Briley then rushed to Buenos Aires to continue reporting on the conflict. This lasted more than two months before the taskforce sent from Britain by the then prime minister, Margaret Thatcher, defeated the Argentinian forces, with the loss of hundreds of combatants on both sides.

During the Argentinian occupation of the islands, locals listened intently on hidden radios to Briley’s reports on the progress of the fighting, coming to trust him to give accurate reports on the momentous events taking place around them.

When he visited the islands shortly after the capitulation of the Argentinian forces in June, the locals put up a banner on Government House in Port Stanley simply reading, “God Bless You Harold”, and he was later awarded the freedom of Goose Green (the scene of an important battle) as well as the right to free drinks at the Falklands Club in Port Stanley.
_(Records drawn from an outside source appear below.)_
Lemma invariant_step (D : {set 'I_m}) c (am : 'I_m -> G) : invariant_at m c ->
  exists bm, invariant_at m (place D am bm c).
Proof.
move=> inv_c; apply: (@invariant_extend #|~: D|); first by rewrite addnC cardsC card_ord.
apply: invariant_compress; first by move=> i; rewrite inE negbK /pick_up => ->.
exact: invariant_pick_up.
Qed.

End Invariant.

Definition swap_config a1 b1 a2 b2 m (c : config (Z2Z4 a1 b1) (Z2Z4 a2 b2) m) :
  config (Z2Z4 a2 b2) (Z2Z4 a1 b1) m :=
  fun i => omap (fun p => (p.2, p.1)) (c i).

Lemma eq_invariant_at a1 b1 a2 b2 m k (c c' : config (Z2Z4 a1 b1) (Z2Z4 a2 b2) m) :
  c =1 c' -> invariant_at k c -> invariant_at k c'.
Proof.
move=> eq_c [al [be [alD al_inj beD be_inj c_inv]]].
by exists al, be; split=> // i p; rewrite -eq_c; apply: c_inv.
Qed.

Lemma invariant_swap a1 b1 a2 b2 m (c : config (Z2Z4 a1 b1) (Z2Z4 a2 b2) m) :
  (m <= a2)%N -> (m <= b2)%N -> invariant_at m c -> invariant_at m (swap_config c).
Proof.
move=> le_ma2 le_mb2 [al [be [alD al_inj beD be_inj c_inv]]].
exists be, al; split=> // i p'; rewrite /swap_config.
case ci : (c i) => [p|] //= [<-] /=; have [sp ->] := c_inv i p ci.
by rewrite truncK //; split=> //; apply: supported_trunc.
Qed.

Lemma invariant_step_swap a1 b1 a2 b2 m (D : {set 'I_m})
    (c : config (Z2Z4 a1 b1) (Z2Z4 a2 b2) m) (bm : 'I_m -> Z2Z4 a2 b2) :
  (m <= a1)%N -> (m <= b1)%N -> (m <= a2)%N -> (m <= b2)%N ->
  invariant_at m c -> exists am, invariant_at m (place D am bm c).
Proof.
move=> le_ma1 le_mb1 le_ma2 le_mb2 /(invariant_swap le_ma2 le_mb2) inv_c.
have [am inv_am] := invariant_step le_ma2 le_mb2 le_ma1 le_mb1 D bm inv_c.
exists am; apply: eq_invariant_at (invariant_swap le_ma1 le_mb1 inv_am) => i.
by rewrite /swap_config /place; case: ifP => // _; case: (c i) => [[]|].
Qed.

Lemma dup_survives_invariant a1 b1 a2 b2 m q :
  (m <= a1)%N -> (m <= b1)%N -> (m <= a2)%N -> (m <= b2)%N ->
  forall c : config (Z2Z4 a1 b1) (Z2Z4 a2 b2) m, invariant_at m c -> dup_survives q c.
Proof.
move=> le_ma1 le_mb1 le_ma2 le_mb2; cofix dup_survives_invariant => c inv_c.
constructor=> D _; split; [|split].
- exact/(invariant_iso le_ma2 le_mb2)/invariant_pick_up.
- move=> am; case: (invariant_step le_ma1 le_mb1 le_ma2 le_mb2 D am inv_c) => bm inv_b.
  by exists bm; apply: dup_survives_invariant.
- move=> bm; case: (invariant_step_swap D bm le_ma1 le_mb1 le_ma2 le_mb2 inv_c) => am inv_a.
  by exists am; apply: dup_survives_invariant.
Qed.

Lemma card_Z2Z4 a b : #|[set: Z2Z4 a b]| = (2 ^ (a + 2 * b))%N.
Proof. by rewrite cardsT card_prod !card_mx !card_ord !mul1n expnD expnM. Qed.

Theorem dup_wins_Z2Z4 a1 b1 a2 b2 m q :
  (m <= a1)%N -> (m <= b1)%N -> (m <= a2)%N -> (m <= b2)%N ->
  (a1 + 2 * b1 = a2 + 2 * b2)%N -> dup_wins_game (Z2Z4 a1 b1) (Z2Z4 a2 b2) m q.
Proof.
move=> le_ma1 le_mb1 le_ma2 le_mb2 eq_order; split; first by rewrite !card_Z2Z4 eq_order.
by apply: dup_survives_invariant => //; exists id, id; split.
Qed.

Local Close Scope ring_scope.

Theorem theorem1p3 (q n : nat) (hq : 1 <= q) (hn : 5 <= n) :
  dup_wins_game (Gn q n) (Hn q n) (q * n %/ 4) q.
Proof. by apply: dup_wins_Z2Z4; nia. Qed.
Lemma below_truncate Y (s : term S Y) (t : tree S Y) : finite_below s t ->
  exists k, forall k', k <= k' -> finite_below s (term_tree (truncate k' t)).
Proof.
elim: s t => [|x|f ss IH] t; first by move=> _; exists 0 => *.
  by move/below_varE => tx; exists 1 => -[|k'] //= _; rewrite tx; apply/below_varE.
move/below_opE => [tf below].
pose deep i k := forall k', k <= k' ->
  finite_below (ss i) (term_tree (truncate k' (subtree t i))).
have [K deepK] : exists K, forall i, deep i K.
  apply: fin_up_bound => [i k k1 deepk lek k2 lek2|i]; last exact: IH.
  exact/deepk/(leq_trans lek).
exists K.+1 => -[|k'] //= leK; rewrite tf; apply/below_opE; split=> // i.
by rewrite subtree_op; apply: deepK.
Qed.

Lemma is_lub_unique A (P : A -> Prop) a b : is_lub ale P a -> is_lub ale P b -> a = b.
Proof.
by move=> [ubPa leastA] [ubPb leastB]; apply: ale_antisym; [apply: leastA|apply: leastB].
Qed.

Lemma is_lub_same_ub A (P Q : A -> Prop) a :
  (forall c, (forall b, P b -> ale b c) <-> (forall b, Q b -> ale b c)) ->
  is_lub ale P a -> is_lub ale Q a.
Proof. by move=> sameub [ubPa leastA]; split=> [|c /sameub]; [apply/sameub|apply: leastA]. Qed.

Lemma is_lub_eq A (P Q : A -> Prop) a : (forall b, P b <-> Q b) ->
  is_lub ale P a -> is_lub ale Q a.
Proof. by move=> PQ; apply: is_lub_same_ub => c; split=> ubc b /PQ /ubc. Qed.

Lemma is_lub_cofinal A (P Q : A -> Prop) a :
  (forall b, P b -> exists2 b', Q b' & ale b b') ->
  (forall b, Q b -> exists2 b', P b' & ale b b') ->
  is_lub ale P a -> is_lub ale Q a.
Proof.
move=> PQ QP; apply: is_lub_same_ub => c.
by split=> ubc b; [move/QP|move/PQ] => -[b' /ubc le_b'c le_bb']; apply: ale_trans le_bb' le_b'c.
Qed.

Definition approx A Y (v : Y -> A) (t : tree S Y) (a : A) : Prop :=
  exists s, finite_below s t /\ a = eval v s.

Definition truncations A Y (v : Y -> A) (t : tree S Y) (b : A) : Prop :=
  exists k, b = eval v (truncate k t).

Lemma is_lub_approx_truncations A Y (v : Y -> A) t a :
  is_lub ale (approx v t) a <-> is_lub ale (truncations v t) a.
Proof.
have approx_trunc b : approx v t b -> exists2 b', truncations v t b' & ale b b'.
  move=> [s [/below_truncate [k deep] ->]].
  by exists (eval v (truncate k t)); [exists k|apply/eval_below/deep].
have trunc_approx b : truncations v t b -> exists2 b', approx v t b' & ale b b'.
  move=> [k ->]; exists (eval v (truncate k t)); last exact: ale_refl.
  by exists (truncate k t); split; [apply: truncate_below|].
by split; apply: is_lub_cofinal.
Qed.

Lemma truncations_countable A Y (v : Y -> A) t : countable_set (truncations v t).
Proof. by exists (fun k => eval v (truncate k t)) => _ [k ->]; exists k. Qed.

Lemma truncations_directed A Y (v : Y -> A) t : directed ale (truncations v t).
Proof.
split=> [|_ _ [k ->] [k' ->]]; first by exists (eval v (truncate 0 t)), 0.
exists (eval v (truncate (maxn k k') t)); split; first by exists (maxn k k').
by split; apply/eval_below/truncate_mono; rewrite ?leq_maxl ?leq_maxr.
Qed.

Lemma omega_cont_approx_lub A Y (v : Y -> A) t :
  omega_cont A -> exists a, is_lub ale (approx v t) a.
Proof.
move=> [dir_lub _].
have [a lub_a] := dir_lub _ (truncations_countable v t) (truncations_directed v t).
by exists a; apply/is_lub_approx_truncations.
Qed.

Definition op_set A f (P : 'I_(ar f) -> A -> Prop) (a : A) : Prop :=
  exists u, (forall i, P i (u i)) /\ a = aop f u.

Lemma approx_opE A Y (v : Y -> A) f (ts : 'I_(ar f) -> tree S Y) a :
  approx v (tree_op ts) a <-> a = abot A \/ op_set (fun i => approx v (ts i)) a.
Proof.
split=> [[[|x|g ss] [+ ->]]|[->|[u [/choice [ss approx_u] ->]]]]; first by left.
- by move/below_varE.
- move/below_opE => [[ef]]; subst g => below; right.
  exists (fun i => eval v (ss i)); split=> // i.
  by exists (ss i); split=> //; rewrite -(subtree_op ts).
- by exists (TBot S Y); split; first exact: below_bot.
exists (TOp ss); split.
  by apply/below_opE; split=> // i; rewrite subtree_op; case: (approx_u i).
by congr aop; apply: functional_extensionality => i; case: (approx_u i).
Qed.

Lemma is_lub_approx_op A Y (v : Y -> A) f (ts : 'I_(ar f) -> tree S Y) a :
  is_lub ale (approx v (tree_op ts)) a <->
  is_lub ale (op_set (fun i => approx v (ts i))) a.
Proof.
suff sameub c : (forall b, approx v (tree_op ts) b -> ale b c) <->
                (forall b, op_set (fun i => approx v (ts i)) b -> ale b c).
  by split; apply: is_lub_same_ub => // c'; rewrite sameub.
split=> ubc b; first by move=> opb; apply/ubc/approx_opE; right.
by case/approx_opE=> [->|/ubc]; first exact: abot_least.
Qed.
Lemma close_lift u i c j : c <= j ->
  close (S j) i (lift c u) = lift c (close j i u).
Proof.
  revert c j; induction u; intros c j Hcj; simpl;
    [nat_cases | rewrite IHu1, IHu2 by lia; reflexivity
    | rewrite IHu by lia; reflexivity | nat_cases].
Qed.

Lemma close_subst b u n j i : n <= j ->
  close j i (subst n u b) = subst n (close j i u) (close (S j) i b).
Proof.
  revert u n j; induction b; intros u n' j Hnj; simpl.
  - nat_cases.
  - rewrite IHb1, IHb2 by lia; reflexivity.
  - rewrite IHb, close_lift by lia; reflexivity.
  - nat_cases.
Qed.

Lemma subst_close v k i : subst k (ind i) (close k i v) = v.
Proof.
  revert k; induction v; intros k; simpl;
    [nat_cases | rewrite IHv1, IHv2; reflexivity | rewrite IHv; reflexivity | nat_cases].
Qed.

Lemma close_subst_fresh b k i : ~ occurs i b -> close k i (subst k (ind i) b) = b.
Proof.
  revert k; induction b; intros k Hi; simpl in *;
    [nat_cases | rewrite IHb1, IHb2 by tauto; reflexivity
    | rewrite IHb by tauto; reflexivity | nat_cases].
Qed.

Lemma occurs_lift u i c : occurs i (lift c u) -> occurs i u.
Proof.
  revert c; induction u; intros c Hi; simpl in *.
  - destruct (c <=? n); contradiction.
  - destruct Hi; [left | right]; eauto.
  - eauto.
  - assumption.
Qed.

Lemma occurs_subst b u k i : occurs i (subst k u b) -> occurs i b \/ occurs i u.
Proof.
  revert u k; induction b; intros u k Hi; simpl in *.
  - destruct (n =? k); [auto |]. destruct (k <? n); contradiction.
  - destruct Hi as [Hi | Hi]; [apply IHb1 in Hi | apply IHb2 in Hi]; tauto.
  - apply IHb in Hi as [Hi | Hi]; [auto | right; eapply occurs_lift; eauto].
  - auto.
Qed.

Lemma occurs_plugE i E x y :
  (occurs i x -> occurs i y) -> occurs i (plugE E x) -> occurs i (plugE E y).
Proof. intros Hxy; induction E; simpl; tauto. Qed.

Fixpoint Tlams (n : nat) (t : top) : top :=
  match n with 0 => t | S n' => Tlam (Tlams n' t) end.

Fixpoint SLams (n : nat) : sctx :=
  match n with 0 => SHole | S n' => SLam (SLams n') end.

Lemma plugS_Tlams Sc t : plugS Sc t = Tlams (Count Sc) t.
Proof. induction Sc; simpl; congruence. Qed.

Lemma Count_SLams n : Count (SLams n) = n.
Proof. induction n; simpl; congruence. Qed.

Lemma plugS_SLams n t : plugS (SLams n) t = Tlams n t.
Proof. rewrite plugS_Tlams, Count_SLams; reflexivity. Qed.

Lemma Tlams_Tlam n t : Tlams n (Tlam t) = Tlams (S n) t.
Proof. induction n; simpl in *; congruence. Qed.

Lemma Tlams_Tv_inj n m x y : Tlams n (Tv x) = Tlams m (Tv y) -> n = m /\ x = y.
Proof.
  revert m; induction n; destruct m; simpl; intros Heq; inversion Heq; auto.
  destruct (IHn m H0); auto.
Qed.

Lemma top_Tlams t : exists n v, t = Tlams n (Tv v).
Proof.
  induction t as [v | t [n [v ->]]]; [exists 0, v | exists (S n), v]; reflexivity.
Qed.

Lemma nonbeta_inv t t' : nonbeta t t' ->
  exists n b, t = Tlams n (Tv (lam b)) /\ t' = Tlams (S n) (Tv (inst b (ind n))).
Proof.
  intros [Sc b]. exists (Count Sc), b. rewrite !plugS_Tlams, Tlams_Tlam. auto.
Qed.

Lemma nonbeta_Tlams n b : nonbeta (Tlams n (Tv (lam b))) (Tlams (S n) (Tv (inst b (ind n)))).
Proof.
  pose proof (nonbeta_step (SLams n) b) as Hstep.
  rewrite !plugS_SLams, Count_SLams, Tlams_Tlam in Hstep. exact Hstep.
Qed.

Lemma readback_inv t t' : readback t t' ->
  exists n v, t = Tlams (S n) (Tv v) /\ t' = Tlams n (Tv (lam (close 0 n v))).
Proof.
  intros [Sc v]. exists (Count Sc), v. rewrite !plugS_Tlams, Tlams_Tlam. auto.
Qed.

Lemma readback_Tlams n v : readback (Tlams (S n) (Tv v)) (Tlams n (Tv (lam (close 0 n v)))).
Proof.
  pose proof (readback_step (SLams n) v) as Hstep.
  rewrite !plugS_SLams, Count_SLams, Tlams_Tlam in Hstep. exact Hstep.
Qed.

Lemma stepS_beta_Tlams n E b u :
  stepS (Tlams n (Tv (plugE E (app (lam b) u)))) (Tlams n (Tv (plugE E (inst b u)))).
Proof.
  pose proof (stepS_beta (SLams n) E b u) as Hstep.
  rewrite !plugS_SLams in Hstep. exact Hstep.
Qed.

Lemma stepS_inv t t' : stepS t t' ->
  (exists n E b u, t = Tlams n (Tv (plugE E (app (lam b) u)))
                /\ t' = Tlams n (Tv (plugE E (inst b u))))
  \/ nonbeta t t'.
Proof.
  intros [Sc E b u | t0 t0' Hnb]; [left | right; exact Hnb].
  exists (Count Sc), E, b, u. rewrite !plugS_Tlams. auto.
Qed.

Lemma nonbeta_deterministic : deterministic nonbeta.
Proof.
  intros a b c Hab Hac.
  apply nonbeta_inv in Hab as (n & b1 & -> & ->).
  apply nonbeta_inv in Hac as (m & b2 & Heq & ->).
  apply Tlams_Tv_inj in Heq as [-> Heq]. injection Heq as ->. reflexivity.
Qed.

Lemma readback_deterministic : deterministic readback.
Proof.
  intros a b c Hab Hac.
  apply readback_inv in Hab as (n & v1 & -> & ->).
  apply readback_inv in Hac as (m & v2 & Heq & ->).
  apply Tlams_Tv_inj in Heq as [Hnm ->]. injection Hnm as ->. reflexivity.
Qed.

Lemma legal_Tlams_iff n v : legal (Tlams n (Tv v)) <-> (forall i, occurs i v -> i < n).
Proof.
  split.
  - intros Hlegal i Hi. specialize (Hlegal (SLams n) v).
    rewrite plugS_SLams, Count_SLams in Hlegal. auto.
  - intros Hv Sc v' Heq i Hi. rewrite plugS_Tlams in Heq.
    apply Tlams_Tv_inj in Heq as [-> ->]. auto.
Qed.

Lemma legal_stepS t t' : legal t -> stepS t t' -> legal t'.
Proof.
  intros Hlegal Hstep.
  apply stepS_inv in Hstep as [(n & E & b & u & -> & ->) | Hnb].
  - rewrite legal_Tlams_iff in *. intros i Hi. apply Hlegal.
    revert Hi; apply occurs_plugE; intros Hi.
    apply occurs_subst in Hi. simpl; tauto.
  - apply nonbeta_inv in Hnb as (n & b & -> & ->). rewrite legal_Tlams_iff in *.
    intros i Hi. apply occurs_subst in Hi as [Hi | Hi]; simpl in *.
    + specialize (Hlegal i Hi). lia.
    + lia.
Qed.

Lemma legal_star t t' : legal t -> star stepS t t' -> legal t'.
Proof.
  intros Hlegal Hstar. induction Hstar; eauto using legal_stepS.
Qed.

Lemma readback_nonbeta t t' : readback t t' -> nonbeta t' t.
Proof.
  intros Hrb. apply readback_inv in Hrb as (n & v & -> & ->).
  pose proof (nonbeta_Tlams n (close 0 n v)) as Hnb.
  unfold inst in Hnb. rewrite subst_close in Hnb. exact Hnb.
Qed.

(** Legality is needed: the index [n] must not already occur in [v]. *)
Lemma nonbeta_readback t t' : legal t -> nonbeta t t' -> readback t' t.
Proof.
  intros Hlegal Hnb. apply nonbeta_inv in Hnb as (n & b & -> & ->).
  rewrite legal_Tlams_iff in Hlegal.
  pose proof (readback_Tlams n (inst b (ind n))) as Hrb.
  unfold inst in Hrb. rewrite close_subst_fresh in Hrb; [exact Hrb |].
  intros Hn. specialize (Hlegal n Hn). lia.
Qed.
As he joked to his family, “it’s a long way to go for a pint”.

Briley went on to report from Argentina on the end of the military dictatorship there, as well as from many other countries in South America, before returning to Britain in 1983. He then became the BBC’s defence correspondent until retirement in 1990, when he was appointed OBE. Lord (Peter) Carrington, Thatcher’s foreign secretary, who was forced to resign over the debacle surrounding the Argentinian invasion of the islands, said of him: “In all his dealings with me he has been one of the best correspondents I have ever met and the most scrupulously honest and most considerate, assiduous, well-informed, objective and efficient.”

Born in Anfield, Liverpool, he was the son of Jessica (nee Humphreys) and Harold Briley Sr, a wheelwright. As a youngster, Harold Jr was good at football, leading to his family nickname of Dixie or Dix after the Everton footballer Dixie Dean.

During the second world war, he recalled being blown out of bed by a German bomb that destroyed most of his street, and was subsequently evacuated to the Isle of Man, where he attended the Douglas high school for boys. He began his journalism career on the Isle of Man, where he also met Norah Mylrea. They married in 1956.

After national service with the Royal Artillery on the border between Hong Kong and communist China, he worked on newspapers in Manchester and on the Liverpool Post and Echo as a crime reporter.

Joining the BBC in the late 1950s as a writer for Today in Parliament, Briley embarked on his career as a war correspondent when he was on a journalism scholarship in India and war with Pakistan broke out in 1971, leading to the establishment of Bangladesh.

He covered many international events in the late 60s and 70s, including the devastating earthquake in Romania in 1977, and the Iranian revolution in 1979.

In that same year he was appointed the BBC Latin America correspondent, almost immediately travelling to Nicaragua to report on the Sandinista revolution. He first visited the Falkland Islands in 1981, immediately identifying with the islanders and their wish to remain self-governing.

Following the end of the conflict in the south Atlantic, Briley continued his close relationship with the Falkland islanders. He ran the BBC World Service’s twice-weekly Calling the Falklands programme, edited the Falkland Islands Association Newsletter for more than 10 years, and was on the association’s executive committee.

In 2022, on the 40th anniversary of the war, he published his book Fight for Falklands Freedom, critical of what he saw as attempts by James Callaghan’s Labour government to negotiate the transfer of sovereignty of the islands to Argentina.

In recognition of his support for their cause, in 2022 a park near Port Stanley was named after him, an honour of which he was immensely proud.

He is survived by Norah, their daughter, Heather, and son, Kevin, and a grandson, Matthew.

Harold William Briley, journalist, born 20 March 1931; died 26 June 2023

• This article was amended on 1 September 2023. The invasion day of 2 April 1982 was a Friday rather than a Tuesday.